§ Exercise directions
I'd like every record written out again, exactly as it is.

◆ ◆ ◆ ◆ ◆

(* The probability that $\mathcal{X}$ is not $\delta$-sparse is at most \[ n^{16d\sqrt{k}+12}\cdot\left(\frac{n^4\delta}{\sigma}\right)^d. \]
   Context: Setting: positive integers $n,k,d$ with $k\le n$, $d\le n$; $\sigma>0$; adversarial $\mu_1,\ldots,\mu_n\in[0,1]^d$; $\mathcal{X}=\{x_1,\ldots,x_n\}$ with $x_i=\mu_i+g_i$, where the $g_i$ are independent $d$-dimensional Gaussian vectors with mean $0$ and independent coordinates of standard deviation $\sigma$. ($\sqrt{k}$ is treated as an integer.) A key-value is an expression $K=\frac{s}{t}\cdot\mathrm{cm}(S)$ with $s,t\in\mathbb{N}$, $s\le n^2$, $t<n$, and $S\subseteq\mathcal{X}$ a set of at most $4d\sqrt{k}$ points, where $\mathrm{cm}(S)$ is the center of mass of $S$; it is thus a formal linear combination of the data points. For key-values (or sums of key-values) $K,K'$, write $K\equiv K'$ iff they have identical coefficients for every data point. $\mathcal{X}$ is $\delta$-sparse if for all key-values $K_1,K_2,K_3,K_4$ with $\|K_1+K_2-K_3-K_4\|\le\delta$ we have $K_1+K_2\equiv K_3+K_4$. *)

From HB Require Import structures.
From mathcomp Require Import all_boot all_order all_algebra.
From mathcomp Require Import all_classical all_reals all_analysis.
Set Implicit Arguments. Unset Strict Implicit. Unset Printing Implicit Defensive.
Import Order.TTheory GRing.Theory Num.Theory.
Local Open Scope classical_set_scope.
Local Open Scope ring_scope.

◆ ◆ ◆ ◆ ◆

§ Exercise response
(* The probability that $\mathcal{X}$ is not $\delta$-sparse is at most \[ n^{16d\sqrt{k}+12}\cdot\left(\frac{n^4\delta}{\sigma}\right)^d. \]
   Context: Setting: positive integers $n,k,d$ with $k\le n$, $d\le n$; $\sigma>0$; adversarial $\mu_1,\ldots,\mu_n\in[0,1]^d$; $\mathcal{X}=\{x_1,\ldots,x_n\}$ with $x_i=\mu_i+g_i$, where the $g_i$ are independent $d$-dimensional Gaussian vectors with mean $0$ and independent coordinates of standard deviation $\sigma$. ($\sqrt{k}$ is treated as an integer.) A key-value is an expression $K=\frac{s}{t}\cdot\mathrm{cm}(S)$ with $s,t\in\mathbb{N}$, $s\le n^2$, $t<n$, and $S\subseteq\mathcal{X}$ a set of at most $4d\sqrt{k}$ points, where $\mathrm{cm}(S)$ is the center of mass of $S$; it is thus a formal linear combination of the data points. For key-values (or sums of key-values) $K,K'$, write $K\equiv K'$ iff they have identical coefficients for every data point. $\mathcal{X}$ is $\delta$-sparse if for all key-values $K_1,K_2,K_3,K_4$ with $\|K_1+K_2-K_3-K_4\|\le\delta$ we have $K_1+K_2\equiv K_3+K_4$. *)

From HB Require Import structures.
From mathcomp Require Import all_boot all_order all_algebra.
From mathcomp Require Import all_classical all_reals all_analysis.
Set Implicit Arguments. Unset Strict Implicit. Unset Printing Implicit Defensive.
Import Order.TTheory GRing.Theory Num.Theory.
Local Open Scope classical_set_scope.
Local Open Scope ring_scope.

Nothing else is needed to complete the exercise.